In a text published on June 18, André Pratte responds to Antoine Robitaille and defends the idea that it would be extremely serious to give elected officials from Quebec rather than federally appointed judges the final say on fundamental rights matters. In this regard, Mr. Pratte makes several claims that deserve answers.
• Also read: André Pratte answers Antoine Robitaille: This is not a film
Mr. Pratte alleges that the Legault government applied the so-called derogation provision of the Canadian Charter and the Quebec Charter, while the Lévesque government systematically applied only that of the Canadian Charter between 1982 and 1985. This is correct, but ignores the fact that the Supreme Court had not then so drastically applied its interpretations of the Canadian Charter to the Quebec Charter without considering the latter’s specificities. Since then it has been clear that the interpretations of the first presuppose those of the second and that consequently the application of the provision of the Quebec Charter must go hand in hand with that of the Canadian Charter.
Mr Pratte then claims that the courts and not parliamentarians should have the final say on fundamental rights issues because “in Parliament the majority holds power, while charters aim to protect the rights of minorities”. This argument is special when you consider that the courts also decide by majority. Namely, if five Supreme Court justices rule in one direction while the other four rule in the opposite direction, only the opinion of the five majority judges is binding and binds the other courts. And the composition of the Supreme Court is such that ordinary lawyers from other provinces, generally Anglophones or Anglophiles, are in the majority, and Quebec jurists, trained in the tradition of civil law and generally more Francophone or Francophile, in a strong minority are. . Claiming that the charters aim to protect the rights of minorities is inaccurate as they aim more to protect the rights of all citizens.
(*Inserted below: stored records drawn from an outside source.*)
(* Let $w=w(x_1,\dots,x_n)$ be a multilinear commutator word. Assume that $T$ is a normal subgroup of a group $G$ and $a_1,\dots,a_n$ are elements of $G$ such that every element of the form $w(y_1,\dots,y_n)$ with $y_i\in a_iT$ for all $i$ has at most $m$ conjugates in $G$. Then every $w$-value of $T$ (i.e. every $w(t_1,\dots,t_n)$ with $t_i\in T$) has at most $m^{2^n}$ conjugates in $G$.
   Context: Multilinear commutator words are defined recursively: $x$ is a multilinear commutator, and if $u,v$ are multilinear commutators in disjoint sets of variables then $[u,v]$ is one. *)

From Stdlib Require Import List Arith Permutation.
Import ListNotations.

Record Group := {
  carrier :> Type;
  gmul : carrier -> carrier -> carrier;
  gone : carrier;
  ginv : carrier -> carrier;
  gmul_assoc : forall x y z, gmul x (gmul y z) = gmul (gmul x y) z;
  gmul_1l : forall x, gmul gone x = x;
  gmul_Vl : forall x, gmul (ginv x) x = gone
}.

Arguments gmul {g}.
Arguments gone {g}.
Arguments ginv {g}.

Definition conjg {G : Group} (x g : G) : G := gmul (ginv g) (gmul x g).

Definition commg {G : Group} (x y : G) : G :=
  gmul (ginv x) (gmul (ginv y) (gmul x y)).

Definition normal_subgroup {G : Group} (T : G -> Prop) : Prop :=
  T gone /\
  (forall x y, T x -> T y -> T (gmul x y)) /\
  (forall x, T x -> T (ginv x)) /\
  (forall x g, T x -> T (conjg x g)).

Definition at_most_conjugates {G : Group} (m : nat) (x : G) : Prop :=
  exists s : list G, length s <= m /\ forall g : G, In (conjg x g) s.

Inductive cword : Type :=
| Var : nat -> cword
| Comm : cword -> cword -> cword.

Fixpoint vars (w : cword) : list nat :=
  match w with
  | Var i => [i]
  | Comm u v => vars u ++ vars v
  end.

Fixpoint eval_word {G : Group} (w : cword) (y : nat -> G) : G :=
  match w with
  | Var i => y i
  | Comm u v => commg (eval_word u y) (eval_word v y)
  end.

(* w is a multilinear commutator word in exactly the variables x_0,...,x_{n-1}:
   each variable occurs exactly once (so the two sides of every bracket involve
   disjoint sets of variables). *)
Definition multilinear_in (w : cword) (n : nat) : Prop :=
  Permutation (vars w) (seq 0 n).

(* Let y_j ∈ T and let a lie in a set of elements closed under conjugation
   by T.  Expanding the brackets of w along the path from its root to x_j with
     [u c, d] = [u, d]^c [c, d]   and   [c, u d] = [c, u]^(d^c) [c, d]
   gives w(.., a y_j, ..) = w(z) w(.., y_j, ..), where z arises from the
   arguments (with a in position j) by conjugation with elements of T;
   multilinearity makes the two sides of each bracket independent.
   Now if y_i ∈ T for i ≤ k and y_i ∈ a_i T for k < i < n, then with j = k
   and a = a_k this writes w(y) = w(z)^-1 w(y'), where z and y' have their
   k-th entry in a_k T as well, so by induction on k the conjugacy class of
   w(y) has at most m^(2^(k+1)) elements. *)

From Stdlib Require Import List Arith Permutation Lia.

Section GroupLaws.
Context {G : Group}.
Local Notation "x * y" := (@gmul G x y).

Lemma gmul_Vr (x : G) : x * ginv x = gone.
Proof.
  rewrite <- (gmul_1l G (x * ginv x)), <- (gmul_Vl G (ginv x)) at 1.
  rewrite <- gmul_assoc, (gmul_assoc G (ginv x)), gmul_Vl, gmul_1l.
  apply gmul_Vl.
Qed.

Lemma gmul_1r (x : G) : x * gone = x.
Proof. rewrite <- (gmul_Vl G x), gmul_assoc, gmul_Vr, gmul_1l. reflexivity. Qed.

Lemma gmul_K (x z : G) : ginv x * (x * z) = z.
Proof. rewrite gmul_assoc, gmul_Vl, gmul_1l. reflexivity. Qed.

Lemma gmul_KV (x z : G) : x * (ginv x * z) = z.
Proof. rewrite gmul_assoc, gmul_Vr, gmul_1l. reflexivity. Qed.

Lemma ginv_unique (x y : G) : x * y = gone -> ginv x = y.
Proof. intro Hxy. rewrite <- (gmul_1r (ginv x)), <- Hxy, gmul_K. reflexivity. Qed.

Lemma ginv_mul (x y : G) : ginv (x * y) = ginv y * ginv x.
Proof.
  apply ginv_unique.
  rewrite <- gmul_assoc, (gmul_assoc G y), gmul_Vr, gmul_1l. apply gmul_Vr.
Qed.

Lemma ginv_inv (x : G) : ginv (ginv x) = x.
Proof. apply ginv_unique, gmul_Vl. Qed.

Lemma ginv_1 : ginv (@gone G) = gone.
Proof. apply ginv_unique, gmul_1l. Qed.

End GroupLaws.

Ltac group_normalize :=
  unfold conjg, commg in *;
  repeat (rewrite <- gmul_assoc || rewrite ginv_mul || rewrite ginv_inv
          || rewrite ginv_1 || rewrite gmul_1l || rewrite gmul_1r
          || rewrite gmul_K || rewrite gmul_KV || rewrite gmul_Vr
          || rewrite gmul_Vl).

Section Conjugacy.
Context {G : Group}.
Local Notation "x * y" := (@gmul G x y).

Lemma conjg_mul (x y g : G) : conjg (x * y) g = conjg x g * conjg y g.
Proof. group_normalize. reflexivity. Qed.

Lemma conjg_inv (x g : G) : conjg (ginv x) g = ginv (conjg x g).
Proof. group_normalize. reflexivity. Qed.

Lemma commg_conjg (x y g : G) : commg (conjg x g) (conjg y g) = conjg (commg x y) g.
Proof. group_normalize. reflexivity. Qed.

Lemma commg_mull (u c d : G) : commg (u * c) d = conjg (commg u d) c * commg c d.
Proof. group_normalize. reflexivity. Qed.

Lemma commg_mulr (c u d : G) :
  commg c (u * d) = conjg (commg c u) (conjg d c) * commg c d.
Proof. group_normalize. reflexivity. Qed.

Lemma at_most_conjugates_ginv (M : nat) (x : G) :
  at_most_conjugates M x -> at_most_conjugates M (ginv x).
Proof.
  intros [s [Hlen Hs]]. exists (map ginv s). split.
  - rewrite length_map. exact Hlen.
  - intro h. rewrite conjg_inv. apply in_map, Hs.
Qed.

Lemma at_most_conjugates_gmul (M N : nat) (x y : G) :
  at_most_conjugates M x -> at_most_conjugates N y ->
  at_most_conjugates (M * N) (x * y).
Proof.
  intros [s [Hlen Hs]] [s' [Hlen' Hs']].
  exists (map (fun p => fst p * snd p) (list_prod s s')). split.
  - rewrite length_map, length_prod. apply Nat.mul_le_mono; assumption.
  - intro h. rewrite conjg_mul.
    apply (in_map (fun p => fst p * snd p) _ (conjg x h, conjg y h)).
    apply in_prod; auto.
Qed.

End Conjugacy.

Section NormalSubgroup.
Context {G : Group}.
Local Notation "x * y" := (@gmul G x y).
Variable T : G -> Prop.
Hypothesis HT : normal_subgroup T.

Lemma normal_gone : T gone.
Proof. apply HT. Qed.

Lemma normal_gmul (x y : G) : T x -> T y -> T (x * y).
Proof. apply HT. Qed.

Lemma normal_ginv (x : G) : T x -> T (ginv x).
Proof. apply HT. Qed.

Lemma normal_conjg (x g : G) : T x -> T (conjg x g).
Proof. apply HT. Qed.

Lemma normal_commg_l (x y : G) : T x -> T (commg x y).
Proof.
  intro Hx. replace (commg x y) with (ginv x * conjg x y)
    by (group_normalize; reflexivity).
  apply normal_gmul; [apply normal_ginv | apply normal_conjg]; exact Hx.
Qed.

Lemma normal_commg_r (x y : G) : T y -> T (commg x y).
Proof.
  intro Hy. replace (commg x y) with (conjg (ginv y) x * y)
    by (group_normalize; reflexivity).
  apply normal_gmul; [apply normal_conjg, normal_ginv|]; exact Hy.
Qed.

Definition in_coset (a x : G) : Prop := exists t, T t /\ x = a * t.

Lemma in_coset_refl (a : G) : in_coset a a.
Proof. exists gone. split; [exact normal_gone | symmetry; apply gmul_1r]. Qed.

Lemma in_coset_conjg (a x g : G) : T g -> in_coset a x -> in_coset a (conjg x g).
Proof.
  intros Hg [t [Ht ->]]. exists (commg a g * conjg t g). split.
  - apply normal_gmul; [apply normal_commg_r | apply normal_conjg]; assumption.
  - group_normalize. reflexivity.
Qed.

End NormalSubgroup.

Lemma NoDup_app_disjoint {A : Type} (l1 l2 : list A) :
  NoDup (l1 ++ l2) -> forall x, In x l1 -> ~ In x l2.
Proof.
  induction l1 as [|y l1 IH]; simpl; intros Hnd x Hx1 Hx2; [exact Hx1|].
  inversion Hnd as [|? ? Hy Hnd']; subst.
  destruct Hx1 as [<-|Hx1].
  - apply Hy, in_or_app; auto.
  - exact (IH Hnd' x Hx1 Hx2).
Qed.

Lemma multilinear_in_NoDup (w : cword) (n : nat) :
  multilinear_in w n -> NoDup (vars w).
Proof.
  intro Hw. apply (Permutation_NoDup (Permutation_sym Hw)), seq_NoDup.
Qed.

Lemma multilinear_in_vars (w : cword) (n k : nat) :
  multilinear_in w n -> k < n -> In k (vars w).
Proof.
  intros Hw Hk. apply (Permutation_in _ (Permutation_sym Hw)), in_seq. lia.
Qed.

Section Words.
Context {G : Group}.

Definition update (y : nat -> G) (j : nat) (x : G) : nat -> G :=
  fun i => if Nat.eq_dec i j then x else y i.

Definition splice (l : list nat) (z y : nat -> G) : nat -> G :=
  fun i => if in_dec Nat.eq_dec i l then z i else y i.

Lemma eval_word_ext (w : cword) (y z : nat -> G) :
  (forall i, In i (vars w) -> y i = z i) -> eval_word w y = eval_word w z.
Proof.
  induction w as [k|w1 IH1 w2 IH2]; simpl; intro Hyz.
  - auto.
  - rewrite IH1, IH2; auto; intros i Hi; apply Hyz, in_or_app; auto.
Qed.

Lemma eval_word_conjg (w : cword) (y : nat -> G) (g : G) :
  eval_word w (fun i => conjg (y i) g) = conjg (eval_word w y) g.
Proof.
  induction w as [k|w1 IH1 w2 IH2]; simpl; [reflexivity|].
  rewrite IH1, IH2. apply commg_conjg.
Qed.

Lemma eval_word_update_notin (w : cword) (y : nat -> G) (j : nat) (x : G) :
  ~ In j (vars w) -> eval_word w (update y j x) = eval_word w y.
Proof.
  intro Hj. apply eval_word_ext. intros i Hi. unfold update.
  destruct (Nat.eq_dec i j) as [->|]; [contradiction|reflexivity].
Qed.

Lemma eval_word_splice_in (w : cword) (l : list nat) (z y : nat -> G) :
  incl (vars w) l -> eval_word w (splice l z y) = eval_word w z.
Proof.
  intro Hw. apply eval_word_ext. intros i Hi. unfold splice.
  destruct (in_dec Nat.eq_dec i l); [reflexivity|]. exfalso; auto.
Qed.

Lemma eval_word_splice_out (w : cword) (l : list nat) (z y : nat -> G) :
  (forall i, In i l -> ~ In i (vars w)) -> eval_word w (splice l z y) = eval_word w y.
Proof.
  intro Hw. apply eval_word_ext. intros i Hi. unfold splice.
  destruct (in_dec Nat.eq_dec i l) as [Hil|]; [exfalso; exact (Hw i Hil Hi)|reflexivity].
Qed.

Lemma eval_word_normal (T : G -> Prop) (HT : normal_subgroup T)
    (w : cword) (y : nat -> G) (j : nat) :
  In j (vars w) -> T (y j) -> T (eval_word w y).
Proof.
  intros Hj Hyj. induction w as [k|w1 IH1 w2 IH2]; simpl in *.
  - destruct Hj as [<-|[]]. exact Hyj.
  - apply in_app_or in Hj as [Hj|Hj].
    + apply normal_commg_l; auto.
    + apply normal_commg_r; auto.
Qed.

End Words.

Section Expansion.
Context {G : Group}.
Local Notation "x * y" := (@gmul G x y).
Variable T : G -> Prop.
Hypothesis HT : normal_subgroup T.
Variable P : nat -> G -> Prop.
Hypothesis P_conjg : forall i x g, T g -> P i x -> P i (conjg x g).

Lemma splice_conjg_family (l : list nat) (z y : nat -> G) (j : nat) (g : G) :
  T g -> In j l -> (forall i, P i (z i)) -> (forall i, i <> j -> P i (y i)) ->
  forall i, P i (conjg (splice l z y i) g).
Proof.
  intros Hg Hjl Hz Hy i. apply P_conjg; [exact Hg|]. unfold splice.
  destruct (in_dec Nat.eq_dec i l) as [|Hil]; [apply Hz|].
  apply Hy. intros ->. contradiction.
Qed.

Lemma eval_word_update_lmul (w : cword) (j : nat) (a : G) :
  NoDup (vars w) -> In j (vars w) -> P j a ->
  forall y : nat -> G, (forall i, i <> j -> P i (y i)) -> T (y j) ->
  exists z : nat -> G, (forall i, P i (z i)) /\
    eval_word w (update y j (a * y j)) = eval_word w z * eval_word w y.
Proof.
  intros Hnd Hj Pa. induction w as [k|w1 IH1 w2 IH2]; simpl in Hnd, Hj |- *;
    intros y Hy Hyj.
  - destruct Hj as [<-|[]]. exists (update y k a). unfold update. split.
    + intro i. destruct (Nat.eq_dec i k) as [->|Hik]; auto.
    + destruct (Nat.eq_dec k k) as [_|]; [reflexivity|contradiction].
  - pose proof (NoDup_app_remove_r _ _ Hnd) as Hnd1.
    pose proof (NoDup_app_remove_l _ _ Hnd) as Hnd2.
    pose proof (NoDup_app_disjoint _ _ Hnd) as Hdisj.
    set (c := eval_word w1 y). set (d := eval_word w2 y).
    apply in_app_or in Hj as [Hj|Hj].
    + destruct (IH1 Hnd1 Hj y Hy Hyj) as [z [Hz Heq]].
      exists (fun i => conjg (splice (vars w1) z y i) c). split.
      { apply splice_conjg_family with j; auto.
        apply (eval_word_normal T HT w1 y j); assumption. }
      simpl. rewrite !eval_word_conjg, commg_conjg, (eval_word_splice_in w1),
        (eval_word_splice_out w2), Heq, eval_word_update_notin
        by first [apply incl_refl | intros i Hi1; exact (Hdisj i Hi1) | exact (Hdisj j Hj)].
      apply commg_mull.
    + assert (Hj1 : ~ In j (vars w1)) by (intro; eapply Hdisj; eauto).
      destruct (IH2 Hnd2 Hj y Hy Hyj) as [z [Hz Heq]].
      exists (fun i => conjg (splice (vars w2) z y i) (conjg d c)). split.
      { apply splice_conjg_family with j; auto.
        apply normal_conjg; [exact HT|].
        apply (eval_word_normal T HT w2 y j); assumption. }
      simpl. rewrite !eval_word_conjg, commg_conjg, (eval_word_splice_in w2),
        (eval_word_splice_out w1), Heq, eval_word_update_notin
        by first [exact Hj1 | apply incl_refl | intros i Hi2 Hi1; exact (Hdisj i Hi1 Hi2)].
      apply commg_mulr.
Qed.

End Expansion.

Section CosetBound.
Context {G : Group}.
Local Notation "x * y" := (@gmul G x y).
Variable T : G -> Prop.
Hypothesis HT : normal_subgroup T.
Variables (n m : nat) (w : cword) (a : nat -> G).
Hypothesis Hw : multilinear_in w n.
Hypothesis Hcoset : forall y : nat -> G,
  (forall i, i < n -> in_coset T (a i) (y i)) ->
  at_most_conjugates m (eval_word w y).

Definition mixed_coset (k i : nat) (x : G) : Prop :=
  (i < k -> T x) /\ (k <= i < n -> in_coset T (a i) x).

Lemma mixed_coset_conjg (k i : nat) (x g : G) :
  T g -> mixed_coset k i x -> mixed_coset k i (conjg x g).
Proof.
  intros Hg [HxT Hxa]. split; intro Hi.
  - apply normal_conjg; auto.
  - apply in_coset_conjg; auto.
Qed.

Lemma mixed_coset_bound (k : nat) : k <= n ->
  forall y : nat -> G, (forall i, mixed_coset k i (y i)) ->
  at_most_conjugates (m ^ 2 ^ k) (eval_word w y).
Proof.
  induction k as [|k IH]; intros Hk y Hy.
  - rewrite Nat.pow_0_r, Nat.pow_1_r. apply Hcoset.
    intros i Hi. apply (proj2 (Hy i)). lia.
  - assert (Hyk : T (y k)) by (apply (proj1 (Hy k)); lia).
    assert (Hy' : forall i, i <> k -> mixed_coset k i (y i)).
    { intros i Hik. destruct (Hy i) as [HyT Hya]. split; intro; [apply HyT | apply Hya]; lia. }
    assert (Hak : mixed_coset k k (a k)) by (split; [lia | intros _; apply in_coset_refl, HT]).
    destruct (eval_word_update_lmul T HT (mixed_coset k) (mixed_coset_conjg k) w k (a k)
                (multilinear_in_NoDup w n Hw) (multilinear_in_vars w n k Hw ltac:(lia))
                Hak y Hy' Hyk) as [z [Hz Heq]].
    replace (eval_word w y)
      with (ginv (eval_word w z) * eval_word w (update y k (a k * y k)))
      by (rewrite Heq; group_normalize; reflexivity).
    rewrite Nat.pow_succ_r', Nat.mul_comm, Nat.pow_mul_r, Nat.pow_2_r.
    apply at_most_conjugates_gmul.
    + apply at_most_conjugates_ginv, IH; [lia | exact Hz].
    + apply IH; [lia|]. intro i. unfold update.
      destruct (Nat.eq_dec i k) as [->|Hik]; [|apply Hy'; exact Hik].
      split; [lia | intros _; exists (y k); auto].
Qed.

End CosetBound.

Theorem lemma3p4 (G : Group) (n m : nat) (w : cword)
  (Hw : multilinear_in w n)
  (T : G -> Prop) (HT : normal_subgroup T) (a : nat -> G)
  (Hcoset : forall y : nat -> G,
      (forall i, i < n -> exists t, T t /\ y i = gmul (a i) t) ->
      at_most_conjugates m (eval_word w y)) :
  forall t : nat -> G, (forall i, i < n -> T (t i)) ->
    at_most_conjugates (m ^ (2 ^ n)) (eval_word w t).
Proof.
  intros t Ht. apply (mixed_coset_bound T HT n m w a Hw Hcoset n (le_n n)).
  intro i. split; [apply Ht | lia].
Qed.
Of course, they can pay special attention to minorities. However, they must do this to all minorities, including Canada’s French-speaking minority, who form the majority in Quebec.
Unfortunately, the jurisprudence of Canadian courts in relation to the Canadian Charter has often shown very little respect for the rights of this minority, hence the need to give Quebec elected officials, rather than federally appointed judges, the final say in legal matters. In the past, the idea has been to amend Canada’s Constitution, with the approval of the federal government and other provinces, to change Canadian law toward greater autonomy, allowing Quebec to promote its language and culture. Failing that, Quebec is now supposed to act unilaterally to achieve that outcome, for example by amending the constitution itself or invoking provisions of parliamentary sovereignty. We can be for or against this idea, but to say that it would be dangerous is clearly an exaggeration and reflects a lack of trust in Quebec lawmakers and the Quebecers who elect them.